The fact that He made us with very real weaknesses and limitations tells us something. He created us to need sleep, and in fact a substantial number of hours of it. He sometimes gives us extended, enforced periods of waiting and inactivity. These realities can be very frustrating for us. Couldn’t we accomplish so much more for Him if we didn’t have these limitations?
But evidently – and amazingly – God is more interested in us, and the sanctifying work He’s doing in us, than simply in our raw productivity. We’re not merely servants with long and burdensome lists of tasks; we’re loved children. What a freeing thought, and what an undeserved honor!
When we start evaluating ourselves (or others) based on how much we can accomplish, we’re using a skewed measurement – and not the one God uses. On a personal level, we may be showing Pharisaical tendencies, trying to earn the favor of God and others. On a larger scale, we’re starting down a very dangerous path, as we buy into a worldview that equates worth with ability, leading to devastating social consequences.

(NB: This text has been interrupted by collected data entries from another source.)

Lemma ksets_avoiding_between X Y : X \subset Y -> #|X| < k < #|Y| ->
  exists2 J, J \in F & X \subset J /\ J \subset Y.
Proof.
move=> XY /andP[Xk kY].
have Xk1Y : #|X| <= k.-1 <= #|Y| by apply/andP; lia.
have [X' [XX' X'Y cardX']] := exists_subset_card_between XY Xk1Y.
have /card_gt1P[y1 [y2 [/setDP[y1Y y1X'] /setDP[y2Y y2X'] y12]]] : 1 < #|Y :\: X'|.
  by rewrite cardsD (setIidPr X'Y); lia.
have sub_y (y : 'I_n) : y \in Y -> X \subset y |: X' /\ y |: X' \subset Y.
  by move=> yY; rewrite subUset sub1set yY X'Y (subset_trans XX' (subsetUr _ _)).
have cardX'1 : #|X'|.+1 = k by lia.
have := ksets_avoiding_extend cardX'1 y12 y1X' y2X'.
by case/orP => yXF; [exists (y1 |: X') | exists (y2 |: X')] => //; exact: sub_y.
Qed.

Lemma ksets_avoiding_augment B X : B \in F -> #|X|.+1 = k ->
  exists2 y, y \in B :\: X & y |: X \in F.
Proof.
move=> BF cardX; have cardB := ksets_avoiding_rank BF.
have notX y : y \in B :\: X -> y \notin X by case/setDP.
case: (ltnP 1 #|B :\: X|) => [/card_gt1P[y1 [y2 [y1Z y2Z y12]]] | Z_le1].
  have := ksets_avoiding_extend cardX y12 (notX _ y1Z) (notX _ y2Z).
  by case/orP; [exists y1 | exists y2].
have /cards1P[y Zy] : #|B :\: X| == 1.
  rewrite eqn_leq Z_le1 cardsD cardB.
  by have := subset_leq_card (subsetIr B X); lia.
have yZ : y \in B :\: X by rewrite Zy set11.
exists y => //; suff -> : y |: X = B by [].
apply/eqP; rewrite eq_sym eqEcard cardsU1 (notX y yZ) cardB -cardX leqnn andbT.
apply/subsetP => z zB; rewrite in_setU1 orbC; case: (boolP (z \in X)) => //= zX.
have : z \in B :\: X by rewrite inE zX zB.
by rewrite Zy inE.
Qed.

Lemma ksets_avoiding_matroid : 0 < k < n -> is_matroid F.
Proof.
move=> /andP[k0 kn]; split.
  have k_between : #|set0 : {set 'I_n}| < k < #|[set: 'I_n]|.
    by rewrite cards0 cardsT card_ord k0.
  have [J JF _] := ksets_avoiding_between (sub0set _) k_between.
  by apply/set0Pn; exists J.
move=> B1 B2 B1F B2F x /setDP[xB1 xB2].
have cardX : #|B1 :\ x|.+1 = k by rewrite -(ksets_avoiding_rank B1F) (cardsD1 x B1) xB1.
have [y /setDP[yB2 yX] yXF] := ksets_avoiding_augment B2F cardX.
exists y; last by rewrite setUC.
rewrite inE yB2 andbT; apply: contra yX => yB1.
by rewrite !inE yB1 andbT; apply: contraNneq xB2 => <-.
Qed.

Lemma ksets_avoiding_sparse_paving : 0 < k < n -> sparse_paving k F.
Proof.
move=> /andP[k0 kn]; split=> C /andP[depC _]; rewrite leqNgt; apply: contra depC => ltC.
  have C_between : #|C| < k < #|[set: 'I_n]| by rewrite cardsT card_ord ltC.
  have [J JF [CJ _]] := ksets_avoiding_between (subsetT C) C_between.
  by apply/existsP; exists J; rewrite JF.
have := cardsC C; rewrite card_ord => cardCC.
have CC_between : #|set0 : {set 'I_n}| < k < #|~: C| by rewrite cards0; lia.
have [J JF [_ JC]] := ksets_avoiding_between (sub0set _) CC_between.
by apply/existsP; exists (~: J); rewrite imset_f //= subsetC.
Qed.

End AvoidingFarFamily.

Section CyclicIntervals.
Variables n k : nat.
Implicit Types t s x e : 'I_n.
Local Notation C t := (cyc_interval k t).
Local Notation D t := (cyc_interval_next k t).

Lemma cyc_interval_id t : 0 < k -> t \in C t.
Proof. by rewrite inE trank_id. Qed.

Lemma cyc_interval_next_id t : 1 < k -> t \in D t.
Proof. by rewrite inE trank_id; lia. Qed.

Lemma cyc_interval_nsucc t e : 0 < k -> trank t e = k ->
  C (nsucc t) = e |: (C t :\ t).
Proof.
move=> k0 te; apply/setP => x.
rewrite !inE trank_nsucc_base -(trank_eq t) te -(trank_eq0 t).
by have := trank_lt t x; have := trank_lt t e; repeat case: ifP; lia.
Qed.

Lemma cyc_interval_next_nsucc t e : 1 < k < n -> trank t e = k.-1 ->
  C (nsucc t) = e |: (D t :\ t).
Proof.
move=> /andP[k1 kn] te; apply/setP => x.
rewrite !inE trank_nsucc_base -(trank_eq t) te -(trank_eq0 t).
by have := trank_lt t x; have := trank_lt t e; repeat case: ifP; lia.
Qed.

Lemma cyc_interval_nsucc_next t e : 1 < k -> trank t e = k.+1 ->
  D (nsucc t) = e |: (C t :\ t).
Proof.
move=> k1 te; apply/setP => x.
rewrite !inE trank_nsucc_base -(trank_eq t) te -(trank_eq0 t).
by have := trank_lt t x; have := trank_lt t e; repeat case: ifP; lia.
Qed.

Lemma cyc_interval_inj : 0 < k < n -> injective (fun t => C t).
Proof.
move=> /andP[k0 kn] s t Cst; apply/eqP; rewrite eq_sym -(trank_eq0 s).
have : npred t \notin C s by rewrite Cst inE trank_npred_id -leqNgt; lia.
have : t \in C s by rewrite Cst cyc_interval_id.
rewrite !inE; have := trank_nsucc s (npred t); rewrite npredK => ->.
by have := trank_lt s (npred t); case: ifP; lia.
Qed.

Lemma cyc_interval_far s t : 1 < k -> k.+1 < n -> s != t -> s != nsucc t -> t != nsucc s ->
  1 < #|C s :\: C t|.
Proof.
move=> k1 kn st s_t1 t_s1; have n1 : 1 < n by lia.
have s0 : trank t s != 0 by rewrite trank_eq0.
have s1 : trank t s != 1 by rewrite -(trank_nsucc_id t n1) trank_eq.
have sn : trank t s != n.-1.
  apply: contra t_s1 => /eqP ts.
  by rewrite eq_sym -(trank_eq t) trank_nsucc ts eqxx trank_id.
apply/card_gt1P; have ts_lt := trank_lt t s; have rebase := trank_rebase t s.
case: (ltnP (trank t s) k) => tsk.
  have [u tu] := trank_surj t (ltnW kn); have [v tv] := trank_surj t kn.
  exists u, v; rewrite !inE !rebase tu tv -(trank_eq t) tu tv.
  by split; repeat case: ifP; lia.
have [v tv] : {v | trank t v = (trank t s).+1} by apply: trank_surj; lia.
exists s, v; rewrite !inE !rebase tv -(trank_eq t) tv.
by split; repeat case: ifP; lia.
Qed.

End CyclicIntervals.

Section Necklaces.
Variables n k : nat.
Implicit Types t x : 'I_n.
Implicit Types I : 'I_n -> {set 'I_n}.
Local Notation C t := (cyc_interval k t).
Local Notation D t := (cyc_interval_next k t).

Lemma necklace_nsucc_sub I t : grassmann_necklace k I -> I t :\ t \subset I (nsucc t).
Proof.
by case=> _ /(_ t); case: ifP => _ => [[j ->] | ->]; [apply: subsetUl | apply: subsetDl].
Qed.

Lemma necklace_between_intervals I t : 1 < k < n -> grassmann_necklace k I ->
  I (npred t) = C (npred t) -> I (nsucc t) = C (nsucc t) -> I t = C t \/ I t = D t.
Proof.
move=> /andP[k1 kn] hN Ip Is.
have L_sub : [set x | trank t x < k.-1] \subset I t.
  have := necklace_nsucc_sub (npred t) hN; rewrite npredK Ip; apply: subset_trans.
  apply/subsetP => x; rewrite !inE trank_npred_base -(trank_eq t) trank_npred_id.
  by have := trank_lt t x; case: ifP; lia.
have sub_W : I t \subset [set x | trank t x <= k].
  apply/subsetP => x xI; rewrite inE; case: (eqVneq x t) => [-> | xt].
    by rewrite trank_id.
  have /(subsetP (necklace_nsucc_sub t hN)) : x \in I t :\ t by rewrite !inE xt.
  rewrite -(trank_eq0 t) in xt.
  by rewrite Is inE trank_nsucc_base (negbTE xt); lia.
have cardI := hN.1 t.
have [CI | /subsetPn[e eC eI]] := boolP (C t \subset I t).
  by left; apply/esym/eqP; rewrite eqEcard CI cardI card_cyc_interval //; lia.
have ek : trank t e = k.-1.
  have /negP eL : e \notin [set x | trank t x < k.-1] by apply: contra eI; apply: subsetP.
  by move: eC eL; rewrite !inE; lia.
right; apply/eqP; rewrite eqEcard cardI card_cyc_interval_next ?leqnn ?andbT //.
apply/subsetP => x xI; have := subsetP sub_W x xI.
rewrite !inE => -> /=; rewrite -ek trank_eq.
by apply: contraNneq eI => <-.
Qed.

End Necklaces.

Section IntervalBases.
Variables n k : nat.
Implicit Types B : {set {set 'I_n}}.
Local Notation C t := (cyc_interval k t).

Lemma cyc_interval_nsucc_basis B t : is_matroid B -> has_rank k B ->
  sparse_paving k B -> 0 < k < n -> C t \notin B -> C (nsucc t) \in B.
Proof.
move=> hmat hrank hsp /andP[k0 kn] Ct.
have [e te] := trank_surj t kn.
have cardS : #|C t :\ t|.+1 = k.
  by have := cardsD1 t (C t); rewrite cyc_interval_id // card_cyc_interval //; lia.
have eS : e \notin C t :\ t by rewrite !inE te ltnn andbF.
have et : t != e by rewrite -(trank_eq t) te trank_id; lia.
rewrite (cyc_interval_nsucc k0 te).
apply: (sparse_paving_nonbases_far hmat hrank hsp cardS (negbT (setD11 _ _)) eS et).
by rewrite setD1K // cyc_interval_id.
Qed.

Lemma mem_spp_map B i : has_rank k B -> 0 < k <= n -> (i \in spp_map k B) = (C i \notin B).
Proof.
move=> hrank /andP[k0 kn]; rewrite inE /necklace_of.
case: pickP => [J /andP[JB /forall_inP J_min] | no_min] /=.
  case: (boolP (C i \in B)) => [CB | CB] /=.
    by rewrite (gale_le_cyc_interval (hrank J JB) k0 kn (J_min _ CB)) eqxx.
  by apply: contraNneq CB => <-.
have -> /= : C i \notin B.
  apply/negP => CB; have /negP := no_min (C i); rewrite CB; apply.
  by apply/forall_inP => J JB; apply: gale_min_cyc_interval => //; apply: hrank.
by apply/eqP => /esym/eqP; rewrite -cards_eq0 card_cyc_interval //; lia.
Qed.

End IntervalBases.

Lemma non_adjacent_nsucc n (A : {set 'I_n}) i :
  non_adjacent A -> i \in A -> nsucc i \notin A.
Proof. by move=> /forallP/(_ i) + iA; rewrite iA => /andP[]. Qed.

Lemma non_adjacent_npred n (A : {set 'I_n}) i :
  non_adjacent A -> i \in A -> npred i \notin A.
Proof. by move=> /forallP/(_ i) + iA; rewrite iA => /andP[]. Qed.

Section SparsePavingPositroids.
Variables n k : nat.
Hypotheses (k_gt1 : 1 < k) (k_lt : k.+1 < n).
Implicit Types A : {set 'I_n}.
Implicit Types B : {set {set 'I_n}}.
Local Notation C t := (cyc_interval k t).
Local Notation D t := (cyc_interval_next k t).

Let k_gt0 : 0 < k := ltnW k_gt1.
Let k_ltn : k < n := ltnW k_lt.
Let k_len : k <= n := ltnW k_ltn.
Let k0_ltn : 0 < k < n := introT andP (conj k_gt0 k_ltn).
Let k1_ltn : 1 < k < n := introT andP (conj k_gt1 k_ltn).
Let k0_len : 0 < k <= n := introT andP (conj k_gt0 k_len).

Definition interval_avoiding_bases A : {set {set 'I_n}} :=
  ksets_avoiding k [set C t | t in A].

Definition interval_necklace A t : {set 'I_n} := if t \in A then D t else C t.

Lemma cyc_interval_avoiding A i : (C i \in interval_avoiding_bases A) = (i \notin A).
Proof.
rewrite inE card_cyc_interval // eqxx /=.
by congr negb; apply/imsetP/idP => [[t tA /(cyc_interval_inj k0_ltn) ->] // | iA]; exists i.
Qed.

Lemma non_adjacent_intervals_far A : non_adjacent A ->
  {in [set C t | t in A] &, forall N1 N2, N1 != N2 -> #|N1 :&: N2| < k.-1}.
Proof.
move=> hA _ _ /imsetP[s sA ->] /imsetP[t tA ->] Cst.
have st : s != t by apply: contraNneq Cst => ->.
have s_t1 : s != nsucc t by apply: contraTneq sA => ->; apply: non_adjacent_nsucc.
have t_s1 : t != nsucc s by apply: contraTneq tA => ->; apply: non_adjacent_nsucc.
have := cyc_interval_far k_gt1 k_lt st s_t1 t_s1.
by rewrite cardsD card_cyc_interval //; lia.
Qed.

By all means, let’s do our best to be faithful stewards of the time, energy, resources, and opportunities God has given us, and let’s be busy with many good things for Him. But let’s not forget His priorities for us, since “we have received not the spirit of the world, but the Spirit who is from God, that we might understand the things freely given us by God” (1 Cor. 2:12).
STEWARDING OUR TIME
“Stewarding my time is not about selfishly pursuing only the things I’d like to do. It’s about effectively serving others in the ways I’m best able to serve and in the ways I’m most uniquely called to serve.”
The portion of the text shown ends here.